NOMINATION OF NOVEL GENETIC DEPENDENCIES IN LEUKEMIA

Our lab has several CRISPR libraries targeting a wide array of basic cell function, including the epigenome and the kinome. In a negative selection screen, we look for crRNAs that exhibit a great dropout (log2 fold change) in their representation over time, suggesting that the genes they target are essential for the cells' survival. By conducting CRISPR screens, we are able to nominate novel genetic dependencies that may provide a therapeutic avenue for the treatment of leukemia. In addition to nominating a genetic vulnerability, we work to uncover the underlying biological mechanism in an effort to further our understanding of leukemia initiation, maintenance, and progression.

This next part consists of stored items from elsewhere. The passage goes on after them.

Definition part_hyp (A : cocycle) (Es Ec Eu : line_field) : Prop :=
  [/\ (cont_line_bundle Es /\ cont_line_bundle Ec /\ cont_line_bundle Eu),
      (invariant A Es /\ invariant A Ec /\ invariant A Eu),
      ((forall p (v : vec), exists a b c,
          [/\ Es p a, Ec p b, Eu p c & v = a + b + c]) /\
      (forall p a b c, Es p a -> Ec p b -> Eu p c -> a + b + c = 0 ->
          [/\ a = 0, b = 0 & c = 0])) &
      exists C lam : R, [/\ 0 < C, 0 < lam, lam < 1 &
      forall p n,
       (forall u, Es p u ->
          nrm (iter n Phi p) (cociter A n p *m u) <= C * lam ^+ n * nrm p u) /\
       (forall u, Eu p u ->
          nrm p u <= C * lam ^+ n * nrm (iter n Phi p) (cociter A n p *m u)) /\
       (forall u w, Es p u -> Ec p w ->
          nrm (iter n Phi p) (cociter A n p *m u) * nrm p w <=
          C * lam ^+ n * (nrm (iter n Phi p) (cociter A n p *m w) * nrm p u)) /\
       (forall u w, Ec p u -> Eu p w ->
          nrm (iter n Phi p) (cociter A n p *m u) * nrm p w <=
          C * lam ^+ n * (nrm (iter n Phi p) (cociter A n p *m w) * nrm p u))]].

(* Lebesgue (Haar) measure on N, realised on the fundamental domain *)
Definition leb3 := (((@lebesgue_measure R) \x (@lebesgue_measure R)) \x
                   (@lebesgue_measure R))%E.

Definition nonunif_hyp (A : cocycle) : Prop :=
  \forall p \ae leb3, fundD p ->
    forall v : vec, v != 0 ->
      exists L : R, L != 0 /\
        (fun n : nat => (n%:R)^-1 * ln (nrm (iter n Phi p) (cociter A n p *m v)))
          @ \oo --> L.

(* The stable bundle of f: spanned by the right-invariant field
   (s, x2 s1) with s = (1, lam_s - 2) an eigenvector of B for
   lam_s = (3 - sqrt 5)/2 < 1. *)
Definition lam_s : R := (3 - Num.sqrt 5) / 2.
Definition ws (p : pt) : vec := vec3 1 (lam_s - 2) (p.1.2 * 1).
Definition Es_f : line_field := fun p => span1 (ws p).

Definition v1 : vec := vec3 0 0 1.
Definition v2 (q1 q2 : R) (p : pt) : vec := vec3 q1 q2 (p.1.2 * q1).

ADAPTATION OF ASCAS12A FOR USE IN COMBINATORIAL CRISPR SCREENING

CRISPR-based genetic screening has revolutionized cancer drug target discovery, yet reliable, multiplex gene editing to reveal synergies between gene targets remains a major challenge. We developed a simple and robust CRISPR-Cas12a-based approach for combinatorial genetic screening in cancer cells. By engineering the CRISPR-AsCas12a system with key modifications to the Cas protein and its CRISPR RNA (crRNA), we achieved high efficiency combinatorial genetic screening. We successfully demonstrate the performance of our optimized AsCas12a (opAsCas12a) through double knockout screening against epigenetic regulators. From these screens, we were able to identify three potential synthetic sick interactions in a murine leukemia.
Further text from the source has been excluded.